# 7 x14 Chinese mini lathe



## Sky_king221 (Jan 27, 2022)

Howdy all, new member here.. A few years ago I saw a video on YouTube by This Old Tony about the infamous Chinese mini lathe. It was the size that I needed. I begged the wife and she finally caved in and I became the proud owner of the most reviled mini lathe on the planet. It took about a month to arrive. It was not bolted down in the shipping crate, both of the hand wheels came pre-cracked, the power cord strain relief was broken, and the chip shield was dented. But, it came alive and worked when plugged in and turned on. I was able to fix the power cord, and used the hand wheels as they were. After about 6 months, the spindle drive belt broke, and finding a replacement took a good 3 months from a supplier in California. Everything worked perfectly for the next year until I decided to replace the cracked hand wheels. While parting off, the blade jammed in the part and the chuck abruptly stopped. Before I could get to the stop switch, a small puff of smoke said I was going to have a bigger problems. Ya know, it's real hard to find parts for a lathe with no parts manual available. I was about to buy a replacement lathe but called Little Machine Shop first to see if thier tech people could be of help, and they were. They directed me to thier resources page and there I found a man who repair Chinese mini lathe controller boards. Unfortunately it turned out the board I had was not repairable, but he had a board that would work. I bought it right out and inside of 2 weeks was up and running again. I have since completed the new hand wheels shortly. After that I upgraded the control box to move the controls around and incorporate a digital rpm readout. I am currently working on a carrage lock and cutting oil dispenser system. Jim


----------



## Skierdude (Jan 27, 2022)

Hi there and welcome to the forum.
Good job keeping your lathe in operation. Half the fun of being a machinist is keeping your machines running!


----------



## Sky_king221 (Jan 27, 2022)

BTW folks, while searching the internet for parts for my lathe I did find that it a very, very close relative to the Seig C3 mini lathe. You can also find parts and information as a CJ0618 lathe. Jim


----------



## ConValSam (Jan 27, 2022)

Welcome to the forum!

My experience with LMS has always been great, my only complaint being that they were so far away from me that delivery took a long time: you won't have that issue.

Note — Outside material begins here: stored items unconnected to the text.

Definition is_gr_PAut (phi : P -> P) : Prop :=
  bijective phi /\
  (forall (c : K) (p q : P), phi (c *: p + q) = c *: phi p + phi q) /\
  phi 1 = 1 /\
  (forall p q : P, phi (p * q) = phi p * phi q) /\
  (forall (d : nat) (p : P), homog_of d p -> homog_of d (phi p)) /\
  (forall p q : P, phi (pbr p q) = pbr (phi p) (phi q)).

Definition mat_P1 (phi : P -> P) : 'M[K]_3 :=
  \matrix_(i < 3, k < 3) (phi 'X_i)@_(U_(k))%MM.

Definition lin_subst (A : 'M[K]_3) (p : P) : P :=
  comp_mpoly [tuple \sum_(k < 3) A i k *: ('X_k : P) | i < 3] p.

Definition finite_order (phi : P -> P) : Prop :=
  exists n : nat, (0 < n)%N /\ forall p : P, iter n phi p = p.

Definition is_PReflection (phi : P -> P) : Prop :=
  is_gr_PAut phi /\ finite_order phi /\
  exists (m : nat) (xi : K), m.-primitive_root xi /\ xi != 1 /\
    char_poly (mat_P1 phi) = ('X - 1) ^+ 2 * ('X - xi%:P).

End PoissonDefs.

Definition mx3 (K : fieldType) (a11 a12 a13 a21 a22 a23 a31 a32 a33 : K)
  : 'M[K]_3 :=
  \matrix_(i < 3, j < 3)
    nth 0 (nth [::] [:: [:: a11; a12; a13]; [:: a21; a22; a23];
                        [:: a31; a32; a33]] i) j.

(* A graded automorphism phi is the linear substitution by its matrix M on
   P_1, and the bracket of two linear forms u, v is (u_2 v_3 - u_3 v_2) 3 x_1^2.
   Since x_1 is Poisson-central and phi is onto, phi(x_1) is central, which
   forces the first row of M to be (eps, 0, 0); applying phi to
   {x_2, x_3} = 3 x_1^2 gives eps^2 = bf - ce, and conversely these
   conditions make the substitution Poisson on generators, hence everywhere.
   For a reflection, (X - eps)(X^2 - (b + f) X + (bf - ce)) = (X - 1)^2 (X - xi)
   with xi <> 1 and eps^2 = bf - ce forces eps = -1 and a unipotent lower block
   B, whose k-th power is 1 + k (B - 1); in characteristic 0, finite order then
   gives B = 1. *)

From HB Require Import structures.
From mathcomp Require Import all_boot all_algebra.
From mathcomp Require Import mpoly.
From mathcomp Require Import ring.

Set Implicit Arguments.
Unset Strict Implicit.
Unset Printing Implicit Defensive.

Import GRing.Theory.
Local Open Scope ring_scope.

Lemma det_mx3 (R : comNzRingType) (A : 'M[R]_3) : \det A =
  A 0 0 * (A 1 1 * A 2 2 - A 1 2 * A 2 1)
  - A 0 1 * (A 1 0 * A 2 2 - A 1 2 * A 2 0)
  + A 0 2 * (A 1 0 * A 2 1 - A 1 1 * A 2 0).
Proof.
have -> : A = \matrix_(i, j) A (inord i) (inord j).
  by apply/matrixP => i j; rewrite mxE !inord_val.
rewrite (expand_det_row _ 0) !big_ord_recl big_ord0 /cofactor.
rewrite !(expand_det_row _ 0) !big_ord_recl !big_ord0 /cofactor !det_mx11 !mxE /=.
rewrite !expr0 !expr1; ring.
Qed.

Lemma sum_ord3 (V : nmodType) (F : 'I_3 -> V) : \sum_(i < 3) F i = F 0 + F 1 + F 2.
Proof.
by rewrite !big_ord_recl big_ord0 addr0 addrA; congr (F _ + F _ + F _); apply: val_inj.
Qed.

Section Mx3.
Variable K : fieldType.

Lemma mx3E (A : 'M[K]_3) :
  A = mx3 (A 0 0) (A 0 1) (A 0 2) (A 1 0) (A 1 1) (A 1 2) (A 2 0) (A 2 1) (A 2 2).
Proof.
apply/matrixP => i j; rewrite !mxE /=.
by case: i => [[|[|[|//]]] ?]; case: j => [[|[|[|//]]] ?] /=; congr (A _ _); apply: val_inj.
Qed.

Lemma mx3_1 : 1 = mx3 1 0 0 0 1 0 0 0 1 :> 'M[K]_3.
Proof.
apply/matrixP => i j; rewrite !mxE /=.
by case: i => [[|[|[|//]]] ?]; case: j => [[|[|[|//]]] ?].
Qed.

Lemma mulmx_mx3 (a11 a12 a13 a21 a22 a23 a31 a32 a33
                 b11 b12 b13 b21 b22 b23 b31 b32 b33 : K) :
  mx3 a11 a12 a13 a21 a22 a23 a31 a32 a33 *m mx3 b11 b12 b13 b21 b22 b23 b31 b32 b33 =
  mx3 (a11 * b11 + a12 * b21 + a13 * b31) (a11 * b12 + a12 * b22 + a13 * b32)
      (a11 * b13 + a12 * b23 + a13 * b33)
      (a21 * b11 + a22 * b21 + a23 * b31) (a21 * b12 + a22 * b22 + a23 * b32)
      (a21 * b13 + a22 * b23 + a23 * b33)
      (a31 * b11 + a32 * b21 + a33 * b31) (a31 * b12 + a32 * b22 + a33 * b32)
      (a31 * b13 + a32 * b23 + a33 * b33).
Proof.
apply/matrixP => i j; rewrite !mxE !big_ord_recl big_ord0 !mxE /=.
by case: i => [[|[|[|//]]] ?]; case: j => [[|[|[|//]]] ?] /=; rewrite addr0 ?addrA.
Qed.

Lemma det_mx3_block (eps a b c d e f : K) :
  \det (mx3 eps 0 0 a b c d e f) = eps * (b * f - c * e).
Proof. by rewrite det_mx3 !mxE /=; ring. Qed.

Lemma char_poly_mx3_block (eps a b c d e f : K) :
  char_poly (mx3 eps 0 0 a b c d e f) =
  ('X - eps%:P) * ('X ^+ 2 - (b + f)%:P * 'X + (b * f - c * e)%:P).
Proof.
rewrite /char_poly det_mx3 /char_poly_mx !mxE /=.
rewrite !mulr1n !mulr0n ?rmorph0 !rmorphD ?rmorphB !rmorphM /=; ring.
Qed.

End Mx3.

Section LinearForms.
Variables (R : comNzRingType) (n : nat).
Local Notation P := {mpoly R[n]}.
Implicit Types (p q : P) (u : 'rV[R]_n).

Lemma mpoly_alg_ind (S : P -> Prop) : S 1 -> (forall i, S 'X_i) ->
  (forall p q, S p -> S q -> S (p + q)) -> (forall c p, S p -> S (c *: p)) ->
  (forall p q, S p -> S q -> S (p * q)) -> forall p, S p.
Proof.
move=> S1 SX SD SZ SM; elim/mpolyind => [|c m p _ _ Sp].
  by rewrite -(scale0r 1); apply: SZ.
apply: SD => //; apply: SZ; rewrite mpolyXE_id.
elim/big_ind: _ => // i _; elim: (m i) => [|k IH]; first by rewrite expr0.
by rewrite exprS; apply: SM.
Qed.

Definition lin_form u : P := \sum_(k < n) u 0 k *: 'X_k.

Lemma lin_form_delta j : lin_form (delta_mx 0 j) = 'X_j.
Proof.
rewrite /lin_form (bigD1 j) //= mxE !eqxx scale1r big1 ?addr0 // => k /negbTE.
by rewrite mxE eq_sym => ->; rewrite andbF scale0r.
Qed.

Lemma mcoeff_lin_form u j : (lin_form u)@_U_(j) = u 0 j.
Proof.
rewrite /lin_form raddf_sum (bigD1 j) //= mcoeffZ mcoeffXU eqxx mulr1.
by rewrite big1 ?addr0 // => k /negbTE kj; rewrite mcoeffZ mcoeffXU kj mulr0.
Qed.

Lemma lin_form_homog u : lin_form u \is 1.-homog.
Proof.
apply: rpred_sum => k _; apply: rpredZ.
by rewrite dhomogX /= mdeg1.
Qed.

Lemma homog1_lin_form p : p \is 1.-homog -> p = lin_form (\row_k p@_U_(k)).
Proof.
move=> hp; apply/mpolyP => m; rewrite /lin_form raddf_sum /=.
under eq_bigr do rewrite mcoeffZ mcoeffX mxE.
have [/mdeg1P [i /eqP ->]|hm] := boolP (mdeg m == 1%N).
  rewrite (bigD1 i) //= eqxx mulr1 big1 ?addr0 // => k /negbTE hk.
  by rewrite eq_mnm1 hk mulr0.
rewrite (dhomog_nemf_coeff hp hm) big1 // => k _.
by case: eqP => [km|]; [move: hm; rewrite -km mdeg1 | rewrite mulr0].
Qed.

Lemma mderivXU i j : mderiv i ('X_j : P) = (j == i)%:R%:MP.
Proof.
rewrite mderivX mnm1E; case: eqP => [->|_]; last by rewrite scale0r.
have -> : (U_(i) - U_(i))%MM = 0%MM by apply/mnmP => k; rewrite mnmBE mnm0E subnn.
by rewrite mpolyX0 scale1r.
Qed.

Lemma mderiv_lin_form i u : mderiv i (lin_form u) = (u 0 i)%:MP.
Proof.
rewrite /lin_form raddf_sum (bigD1 i) //= mderivZ mderivXU eqxx -mul_mpolyC mulr1.
by rewrite big1 ?addr0 // => k /negbTE ki; rewrite mderivZ mderivXU ki scaler0.
Qed.

End LinearForms.

Section Biderivation.
Variables (R : comNzRingType) (n : nat) (G : 'I_n -> 'I_n -> {mpoly R[n]}).
Local Notation P := {mpoly R[n]}.
Implicit Types (p q r : P).

Definition bider p q : P :=
  \sum_(i < n) \sum_(j < n) mderiv i p * mderiv j q * G i j.

Lemma biderDl r : {morph bider^~ r : p q / p + q}.
Proof.
move=> p q; rewrite /bider -big_split; apply: eq_bigr => i _; rewrite -big_split.
by apply: eq_bigr => j _ /=; rewrite mderivD !mulrDl.
Qed.

Lemma biderDr r : {morph bider r : p q / p + q}.
Proof.
move=> p q; rewrite /bider -big_split; apply: eq_bigr => i _; rewrite -big_split.
by apply: eq_bigr => j _ /=; rewrite mderivD mulrDr !mulrDl.
Qed.

Lemma biderZl c p q : bider (c *: p) q = c *: bider p q.
Proof.
rewrite /bider scaler_sumr; apply: eq_bigr => i _; rewrite scaler_sumr.
by apply: eq_bigr => j _; rewrite mderivZ !scalerAl.
Qed.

You can make a lot of good parts on those little lathes; glad you're back in business


----------



## jwmay (Jan 28, 2022)

Welcome. Your first mission, should you choose to accept it, is to post up a picture of this little lathe you have. This message will never self destruct and in fact, will probably outlive all of us.


----------



## machPete99 (Jan 28, 2022)

Be careful, these mini lathe arrangements often lead to larger lathe purchases down the road. Don't ask how I know. 

One of the better mods I did to  my mini lathe before getting rid of it was to change the headstock bearings over to tapered roller automotive wheel bearings. It improves the rigidity quite a bit. That and refitting and tuning up/aligning  the headstock/carriage/tailstock properly. Thiese things are really lathe "kits", some assembly required.


----------



## addertooth (Jan 28, 2022)

Yes, the often maligned and disparaged mini-lathe can be a rather good tool.   I would be the last to laugh at one, especially if it has had all the commonly-known upgrades applied to it.  I will admit to cheating when mine was bought.  I got one of the "deluxe" LMS models that came from the store with the maximum upgrades (except carriage lock, extended cross-slide, tapered bearings, and 4-jaw chuck).  All the other common upgrades came with that mini-lathe (metal hand-wheels, lever-release tail-stock, Digital Read Out, Quick-Change tool post, 16 inch bed). It cost more, but arrived ready to hit the ground machining.


----------



## Sky_king221 (Jan 28, 2022)

The wife gave me a 4 jaw chuck, ER32 collet chuck, and new control box enclosure for Christmas. All have been incorporated. I have the new taper bearing, just waiting for the right time to install them. Jim


----------



## Just for fun (Jan 28, 2022)

Welcome to the site Jim !


----------



## Ken from ontario (Jan 28, 2022)

Welcome aboard Jim, it looks like you're getting to know the limitations of your mini lathe, not an easy task , carriage lock and extended-travel upgrades are most useful , I will always keep my mini lathe even if I buy a bigger lathe.


----------



## markba633csi (Jan 28, 2022)

If www.oldvhfguy.com couldn't repair your board that's surprising since he has repaired so many.  
Anyhow, glad you got it going again.
-M


----------



## Pointon_Machine (Jan 28, 2022)

Hi, Jim - me too! My lathe arrived in early January and I took it completely apart, cleaned every bit of it, reworked the carriage, aligned the tailstock, and added a chip guard and a carriage lock. I'm gathering more tooling so I can complete a little oscillating steam engine project. The Little Machine Shop folks are great - almost every part and many upgrades are available. Mine is similar to the Seig C3, but has a different carriage and no gears in the headstock. Made my first chips since 1981- I was raised in a very small tool & die shop owned by my grandfather in Trenton, NJ. Welcome  - Chris L.


----------



## homebrewed (Jan 28, 2022)

Welcome to the forum!

I bought my 7x12 from Micro-Mark close to 20 years ago.  Uncrated it, plugged it in and started machining.....

It just recently started having problems (one or more bad transmission gears and a drive belt on its last legs) but I can't complain.  Replacement parts are still available!  So once you iron out your problems you should have some fun with yours.


----------